Step 2: learner weight determination: randomly selecting two related legal documents of the related property which are not in the test set, and constructing a development set; using a trained learner h_iT, calculating the classification accuracy of the corpora in the development set; constructing the weight of each learner by using the classification accuracy of each learner;

2. The integrated learning-based case-related property knowledge base entity identification method as claimed in claim 1, wherein the entity classification comprises a disposal unit, a worker of the disposal unit, a case-related person, a document, a case-related property, a disposal action and a term or a title of a legal document.

3. The integrated learning-based case-related property knowledge base entity identification method as claimed in claim 1, wherein the training set preprocessing according to the selected case-related property-related legal documents comprises the steps of: and taking the legal documents related to the property involved in the case as a training set, performing word segmentation by using a Chinese word segmentation tool, and manually labeling the result after word segmentation according to the entity category to construct a corpus.

4. The integrated learning-based identification method for the property-related knowledge base entity as claimed in claim 3, wherein in the learning training process: selecting T learners, and obtaining T sampling sets containing m training samples by using a self-service sampling method for a given training data set containing m samples; then training a learner h based on each sampling set_i,i＝1...T。

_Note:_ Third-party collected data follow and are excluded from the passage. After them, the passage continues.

(* Locally chordalizing all holes of H(G,u) by u: add edges uw for every
   w <> u lying on some hole containing u. *)
Definition locchord (T : eqType) (E : T -> T -> Prop) (u : T) (x y : T) : Prop :=
  E x y \/
  (x <> y /\
   ((x = u /\ exists H, [/\ hole E H, u \in H & y \in H]) \/
    (y = u /\ exists H, [/\ hole E H, u \in H & x \in H]))).

From Stdlib Require Import Classical.
From mathcomp Require Import all_boot zify.
Set Implicit Arguments. Unset Strict Implicit. Unset Printing Implicit Defensive.

(* Holes of G' avoiding u are holes of G, so the point is that no new edge
   uy lies on a hole C of G'.  If it did, C - u would be an induced path P of
   G from y whose inner vertices see u neither in G nor through a hole, and
   whose two ends do.  The end y lies inside a hole H through u, and NC says
   that the two H-neighbours of y cannot be joined around y; hence P and its
   far side touch only one side of y on H.  Going from u along the untouched
   side of H to y, along P, and likewise back to u at the far end of P,
   encloses a hole through u containing an inner vertex of P, which is
   absurd. *)

Lemma last_index (Q : nat -> Prop) m :
  0 < m -> Q 0 -> exists l, [/\ l < m, Q l & forall k, l < k < m -> ~ Q k].
Proof.
elim: m => [//|[|m] IH] _ Q0; first by exists 0; split => // k Hk; exfalso; lia.
case: (classic (Q m.+1)) => [Qm | NQm].
  by exists m.+1; split => // k Hk; exfalso; lia.
have [l [Hl Ql Hlast]] := IH isT Q0; exists l; split => // [|k Hk]; first lia.
by case: (ltnP k m.+1) => Hkm; [apply: Hlast; lia | have -> : k = m.+1 by lia].
Qed.

Section InducedPaths.
Variables (T : Type) (E : T -> T -> Prop).
Hypothesis Esym : forall x y, E x y -> E y x.
Hypothesis Eirr : forall x, ~ E x x.

Definition induced_path (m : nat) (g : nat -> T) :=
  forall k l, k < m -> l < m ->
    (g k = g l -> k = l) /\ (E (g k) (g l) <-> l = k.+1 \/ k = l.+1).

Lemma induced_path_inj m g k l :
  induced_path m g -> k < m -> l < m -> g k = g l -> k = l.
Proof. by move=> Pg Hk Hl; case: (Pg k l Hk Hl). Qed.

Lemma induced_path_adj m g k l :
  induced_path m g -> k < m -> l < m -> E (g k) (g l) <-> l = k.+1 \/ k = l.+1.
Proof. by move=> Pg Hk Hl; case: (Pg k l Hk Hl). Qed.

Lemma induced_path_step m g k : induced_path m g -> k.+1 < m -> E (g k) (g k.+1).
Proof. by move=> Pg Hk; apply/(induced_path_adj Pg); [lia | lia | left]. Qed.

Lemma induced_path_rev m g :
  induced_path m g -> induced_path m (fun k => g (m.-1 - k)).
Proof.
move=> Pg k l Hk Hl; have [inj adj] := Pg (m.-1 - k) (m.-1 - l) ltac:(lia) ltac:(lia).
by split; [move/inj; lia | rewrite adj; lia].
Qed.

Lemma induced_path_drop m g l :
  induced_path m g -> induced_path (m - l) (fun k => g (l + k)).
Proof.
move=> Pg k k' Hk Hk'; have [inj adj] := Pg (l + k) (l + k') ltac:(lia) ltac:(lia).
by split; [move/inj; lia | rewrite adj; lia].
Qed.

Lemma induced_path_cons m g x :
  induced_path m g -> (forall k, k < m -> x <> g k) ->
  (forall k, k < m -> E x (g k) <-> k = 0) ->
  induced_path m.+1 (fun k => if k is k'.+1 then g k' else x).
Proof.
move=> Pg Hx Ex [|k] [|l] /= Hk Hl.
- by split => //; split => [/Eirr [] | []].
- by split => [/Hx [] | ]; [lia | rewrite Ex; lia].
- by split => [/esym /Hx [] | ]; [lia | split => [/Esym /Ex | E0]; [lia | apply/Esym/Ex; lia]].
- have [inj adj] := Pg k l Hk Hl.
  by split; [move/inj -> | rewrite adj; lia].
Qed.
Definition nbr_abs_sum (e : nat -> option T) (p : T -> T -> R) (x : T) (g : T -> C)
  (l : C) : Prop :=
  ex_series (fun n => Cmod (nbr_term e p x g n)) /\ is_series (nbr_term e p x g) l.

End Graphs.

Fixpoint walk_prod (T : Type) (f : T -> T -> C) (x : T) (s : list T) : C :=
  match s with
  | [] => RtoC 1
  | y :: s' => Cmult (f x y) (walk_prod f y s')
  end.

From Stdlib Require Import Reals List Permutation Lia Classical Wf_nat.
From Coquelicot Require Import Coquelicot.
Import ListNotations.

(* For x <> y let x' be the first step of the geodesic from x to y. In a tree
   the geodesic from any other neighbour w of x to y passes through x, so
   f(w,y) = f(w,x) f(x,y), while f(x,y) = f(x,x') f(x',y). Hence the neighbour
   sum at x is f(x,y) u(x,x) with the single term w = x' corrected, and (iii)
   on the edge (x,x') turns it into lam f(x,y). At x = y the sum is u(y,y) by
   (ii). *)

Lemma last_cons {A : Type} (l : list A) (b d : A) : last (b :: l) d = last l b.
Proof.
  revert b d. induction l as [|c l IH]; intros b d; [reflexivity|].
  change (last (c :: l) d = last (c :: l) b). rewrite !IH. reflexivity.
Qed.

Lemma last_app_cons {A : Type} (l1 l2 : list A) (x d : A) :
  last (l1 ++ x :: l2) d = last l2 x.
Proof.
  revert d. induction l1 as [|a l1 IH]; intros d; simpl app; rewrite last_cons; auto.
Qed.

Lemma in_last_cons {A : Type} (l : list A) (a : A) : In (last l a) (a :: l).
Proof.
  revert a. induction l as [|b l IH]; intros a; [now left|].
  rewrite last_cons. right. apply IH.
Qed.

Lemma in_split_first {A : Type} (P : A -> Prop) (l : list A) :
  (exists z, In z l /\ P z) ->
  exists l1 z l2, l = l1 ++ z :: l2 /\ P z /\ forall a, In a l1 -> ~ P a.
Proof.
  induction l as [|c l IH]; intros [z [Hz HPz]]; [destruct Hz|].
  destruct (classic (P c)) as [Hc|Hc].
  - exists [], c, l. split; [reflexivity|]. split; [exact Hc|]. intros a [].
  - destruct Hz as [-> | Hz]; [contradiction|].
    destruct IH as [l1 [z' [l2 [-> [HPz' Hl1]]]]]; [eauto|].
    exists (c :: l1), z', l2. repeat split; auto.
    intros a [<- | Ha]; auto.
Qed.

Section Walks.
Variables (T : Type) (adj : T -> T -> bool).

Lemma walk_app (l1 l2 : list T) (a : T) :
  walk adj a (l1 ++ l2) <-> walk adj a l1 /\ walk adj (last l1 a) l2.
Proof.
  revert a. induction l1 as [|b l1 IH]; intros a; simpl app.
  - simpl. tauto.
  - change (adj a b = true /\ walk adj b (l1 ++ l2) <->
            (adj a b = true /\ walk adj b l1) /\ walk adj (last (b :: l1) a) l2).
    rewrite IH, last_cons. tauto.
Qed.

Lemma walk_app_cons (l1 l2 : list T) (a z : T) :
  walk adj a (l1 ++ z :: l2) -> walk adj a (l1 ++ [z]) /\ walk adj z l2.
Proof.
  replace (l1 ++ z :: l2) with ((l1 ++ [z]) ++ l2) by (rewrite <- app_assoc; reflexivity).
  rewrite walk_app, last_last. tauto.
Qed.

Lemma geodesic_tail (a v b : T) (s : list T) :
  geodesic adj a (v :: s) b -> geodesic adj v s b.
Proof.
  intros [[[Hav Hw] Hl] Hmin]. rewrite last_cons in Hl.
  split; [split; auto|].
  intros s' [Hw' Hl']. apply le_S_n, (Hmin (v :: s')).
  split; [split|]; auto. now rewrite last_cons.
Qed.

Lemma geodesic_NoDup (a b : T) (s : list T) : geodesic adj a s b -> NoDup (a :: s).
Proof.
  revert a. induction s as [|v s IH]; intros a Hg.
  - repeat constructor. intros [].
  - constructor; [|eapply IH, geodesic_tail, Hg].
    intros Hin. destruct (in_split _ _ Hin) as [l1 [l2 E]]. rewrite E in Hg.
    destruct Hg as [[Hw Hl] Hmin].
    apply walk_app_cons in Hw as [_ Hw]. rewrite last_app_cons in Hl.
    specialize (Hmin l2 (conj Hw Hl)). rewrite length_app in Hmin. simpl in Hmin. lia.
Qed.

Lemma geodesic_exists (a b : T) (s : list T) :
  walk_from_to adj a s b -> exists g, geodesic adj a g b.
Proof.
  remember (length s) as n eqn:Hn. revert s Hn.
  induction n as [n IH] using lt_wf_ind. intros s Hn Hs.
  destruct (classic (forall s', walk_from_to adj a s' b -> length s <= length s')%nat)
    as [Hmin|Hnot].
  - exists s. split; assumption.
  - apply not_all_ex_not in Hnot as [s' Hs'].
    apply imply_to_and in Hs' as [Hs' Hlt].
    apply (IH (length s')) with s'; auto. lia.
Qed.

Section Acyclic.
Hypotheses (adj_sym : graph_symmetric adj) (adj_irrefl : graph_irreflexive adj)
  (acyclic : ~ has_cycle adj).

Lemma walk_rev (l : list T) (a b : T) :
  walk adj a (l ++ [b]) -> walk adj b (rev l ++ [a]).
Proof.
  revert a. induction l as [|c l IH]; intros a [Hac Hw].
  - simpl. rewrite adj_sym. auto.
  - simpl. apply walk_app. rewrite last_last. split; [apply IH, Hw|].
    simpl. rewrite adj_sym. auto.
Qed.

(* Otherwise x :: A ++ z :: rev C is a cycle. *)
Lemma internally_disjoint_paths (x z : T) (A C : list T) :
  walk adj x (A ++ [z]) -> walk adj x (C ++ [z]) -> NoDup (x :: A ++ z :: C) ->
  A = [] /\ C = [].
Proof.
  intros HA HC Hnd.
  destruct (classic (A = [] /\ C = [])) as [H|Hne]; [exact H|exfalso].
  assert (Hback : walk adj z (rev C ++ [x])) by now apply walk_rev.
  apply walk_app in Hback as [HrevC Hclose].
  apply acyclic. exists x, (A ++ z :: rev C). repeat split.
  - apply Permutation_NoDup with (x :: A ++ z :: C); [|exact Hnd].
    apply perm_skip, Permutation_app_head, perm_skip, Permutation_rev.
  - rewrite length_app. simpl. rewrite length_rev.
    destruct A, C; simpl; [tauto|lia..].
  - replace (A ++ z :: rev C) with ((A ++ [z]) ++ rev C)
      by (rewrite <- app_assoc; reflexivity).
    apply walk_app. rewrite last_last. auto.
  - rewrite last_app_cons. apply Hclose.
Qed.

Lemma path_from_neighbour_through (x x' w : T) (g h : list T) :
  NoDup (x :: x' :: g) -> walk adj x (x' :: g) -> adj x w = true -> w <> x' ->
  NoDup (w :: h) -> walk adj w h -> last h w = last (x' :: g) x -> In x (w :: h).
Proof.
  intros Hnd Hg Hxw Hwx' Hndh Hh Hlast. apply NNPP. intros Hx.
  (* The first vertex z of w :: h on x' :: g splits off two internally
     disjoint paths from x to z, through w and through x'. *)
  destruct (in_split_first (fun z => In z (x' :: g)) (w :: h)) as [A [z [B [Eh [HzG HA]]]]].
  { exists (last h w). split; [apply in_last_cons|].
    rewrite Hlast, last_cons. apply in_last_cons. }
  destruct (in_split _ _ HzG) as [C [D EG]].
  assert (HxG : ~ In x (x' :: g)) by (inversion Hnd; assumption).
  destruct (internally_disjoint_paths x z A C) as [-> ->].
  - apply (walk_app_cons A B). rewrite <- Eh. split; assumption.
  - apply (walk_app_cons C D). rewrite <- EG. exact Hg.
  - constructor.
    + rewrite Eh in Hx. rewrite EG in HxG.
      intros Hin. apply in_app_or in Hin as [Hin|[<-|Hin]]; auto using in_or_app, in_eq.
    + apply NoDup_app.
      * apply NoDup_app_remove_r with (z :: B). rewrite <- Eh. exact Hndh.
      * apply NoDup_app_remove_r with D. apply Permutation_NoDup with (C ++ z :: D).
        -- apply Permutation_sym, Permutation_middle.
        -- rewrite <- EG. inversion Hnd; assumption.
      * intros a Ha Hin. apply (HA a Ha). rewrite EG.
        destruct Hin as [<-|Hin]; auto using in_or_app, in_eq.
  - simpl in Eh, EG. congruence.
Qed.

Lemma geodesic_cons (x x' w y : T) (g : list T) :
  geodesic adj x (x' :: g) y -> adj x w = true -> w <> x' ->
  geodesic adj w (x :: x' :: g) y.
Proof.
  intros Hgeo Hxw Hwx'.
  assert (Hnd := geodesic_NoDup _ _ _ Hgeo).
  destruct Hgeo as [[Hg Hl] Hmin].
  split; [split|].
  - split; [rewrite adj_sym; exact Hxw | exact Hg].
  - rewrite last_cons. exact Hl.
  - intros s Hs. destruct (geodesic_exists _ _ _ Hs) as [h Hh].
    assert (Hhs : (length h <= length s)%nat) by (apply Hh, Hs).
    assert (Hndh := geodesic_NoDup _ _ _ Hh).
    destruct Hh as [[Hwh Hlh] _].
    destruct (path_from_neighbour_through x x' w g h) as [->|Hin]; auto.
    + rewrite Hlh, Hl. reflexivity.
    + rewrite adj_irrefl in Hxw. discriminate.
    + destruct (in_split _ _ Hin) as [h1 [h2 E]]. rewrite E in Hwh, Hlh, Hhs.
      apply walk_app_cons in Hwh as [_ Hwh]. rewrite last_app_cons in Hlh.
      specialize (Hmin h2 (conj Hwh Hlh)). rewrite length_app in Hhs. simpl in *. lia.
Qed.

Lemma geodesic_weight_step (f : T -> T -> C) (x y : T) :
  graph_connected adj ->
  (forall a b s, geodesic adj a s b -> f a b = walk_prod f a s) -> x <> y ->
  exists x', adj x x' = true /\ f x y = Cmult (f x x') (f x' y) /\
    (forall w, adj x w = true -> w <> x' -> f w y = Cmult (f w x) (f x y)).
Proof.
  intros Hconn Hext Hxy.
  destruct (Hconn x y) as [s Hs].
  destruct (geodesic_exists _ _ _ Hs) as [[|x' g] Hgeo].
  { destruct Hgeo as [[_ Hl] _]. simpl in Hl. congruence. }
  exists x'. split; [|split].
  - destruct Hgeo as [[[Hxx' _] _] _]. exact Hxx'.
  - rewrite (Hext _ _ _ Hgeo), (Hext _ _ _ (geodesic_tail _ _ _ _ Hgeo)). reflexivity.
  - intros w Hxw Hwx'.
    rewrite (Hext _ _ _ (geodesic_cons _ _ _ _ _ Hgeo Hxw Hwx')), (Hext _ _ _ Hgeo).
    reflexivity.
Qed.

End Acyclic.
End Walks.

Section SeriesUpdate.
Context {K : AbsRing} {V : NormedModule K}.

Lemma sum_n_indicator (N : nat) (c : V) n :
  sum_n (fun k => if Nat.eqb k N then c else zero) n = if Nat.ltb n N then zero else c.
Proof.
  induction n as [|n IH].
  - rewrite sum_O. destruct N; reflexivity.
  - rewrite sum_Sn, IH.
    destruct (Nat.ltb_spec n N), (Nat.eqb_spec (S n) N), (Nat.ltb_spec (S n) N);
      try lia; rewrite ?plus_zero_r, ?plus_zero_l; reflexivity.
Qed.

Lemma is_series_indicator (N : nat) (c : V) :
  is_series (fun k => if Nat.eqb k N then c else zero) c.
Proof.
  apply filterlim_ext_loc with (fun _ => c); [|apply filterlim_const].
  exists N. intros n Hn. rewrite sum_n_indicator.
  destruct (Nat.ltb_spec n N); [lia|reflexivity].
Qed.

Lemma is_series_update (a b : nat -> V) (N : nat) (l c : V) :
  (forall n, n <> N -> b n = a n) -> b N = plus (a N) c -> is_series a l ->
  is_series b (plus l c).
Proof.
  intros Hab HbN Ha.
  apply is_series_ext with (fun n => plus (a n) (if Nat.eqb n N then c else zero)).
  - intros n. destruct (Nat.eqb_spec n N) as [->|Hn].
    + symmetry. exact HbN.
    + rewrite plus_zero_r. symmetry. apply Hab, Hn.
  - apply is_series_plus; [exact Ha | apply is_series_indicator].
Qed.
End SeriesUpdate.

Section NeighbourSums.
Variables (T : Type) (adj : T -> T -> bool) (e : nat -> option T) (p : T -> T -> R).

Lemma nbr_abs_sum_update (x x' : T) (g h : T -> C) (c l : C) :
  enumerates e -> adj x x' = true ->
  (forall w, adj x w = true -> w <> x' -> g w = Cmult c (h w)) ->
  nbr_abs_sum adj e p x h l ->
  nbr_abs_sum adj e p x g
    (Cplus (Cmult c l) (Cmult (RtoC (p x x')) (Cminus (g x') (Cmult c (h x'))))).
Proof.
  intros He Hxx' Hgh [[s Habs] Hser].
  destruct (He x') as [N [HN HNuniq]].
  set (tg := nbr_term adj e p x g). set (th := nbr_term adj e p x h).
  assert (Hoff : forall n, n <> N -> tg n = Cmult c (th n)).
  { intros n Hn. unfold tg, th, nbr_term.
    destruct (e n) as [v|] eqn:Ev; [|ring].
    destruct (adj x v) eqn:Hxv; [|ring].
    rewrite (Hgh v Hxv); [ring|].
    intros ->. apply Hn. symmetry. apply HNuniq, Ev. }
  assert (HatN : tg N = Cplus (Cmult c (th N))
                   (Cmult (RtoC (p x x')) (Cminus (g x') (Cmult c (h x'))))).
  { unfold tg, th, nbr_term. rewrite HN, Hxx'. ring. }
  split.
  - exists (Rplus (Rmult (Cmod c) s) (Rminus (Cmod (tg N)) (Rmult (Cmod c) (Cmod (th N))))).
    apply (is_series_update (fun n => Rmult (Cmod c) (Cmod (th n))) _ N).
    + intros n Hn. rewrite Hoff by exact Hn. apply Cmod_mult.
    + change (Cmod (tg N) = Rplus (Rmult (Cmod c) (Cmod (th N)))
                (Rminus (Cmod (tg N)) (Rmult (Cmod c) (Cmod (th N))))). ring.
    + exact (is_series_scal (K := R_AbsRing) (Cmod c) _ _ Habs).
  - apply (is_series_update (fun n => Cmult c (th n)) _ N); [exact Hoff | exact HatN |].
    exact (is_series_scal c _ _ Hser).
Qed.
End NeighbourSums.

5. The integrated learning-based identification method for the property-related knowledge base entity as claimed in claim 4, wherein 4 learners are adopted in the learner training process, and the method comprises the following steps: hidden Markov model, conditional random field, maximum entropy model, and two-way long-short term memory neural network model.

6. The integrated learning-based identification method for the property-related knowledge base entity, according to claim 1, wherein in the development set construction process: and randomly selecting two related legal documents of the property concerned which are not in the test set, segmenting the selected documents, manually labeling segmentation results, and constructing a development set.

7. The integrated learning-based identification method for the property-involved knowledge base entity, as claimed in claim 6, wherein in the learner weight determination process, the method comprises the following steps:

8. the integrated learning-based identification method for the property-involved knowledge base entity as claimed in claim 1, wherein in the step 3, a weighted voting method is adopted to obtain the final entity identification result, and the calculation formula of the weighted voting method is as follows:

is h_iAt label c_jAn output of w_iIs a learning device h_iThe weight of (c).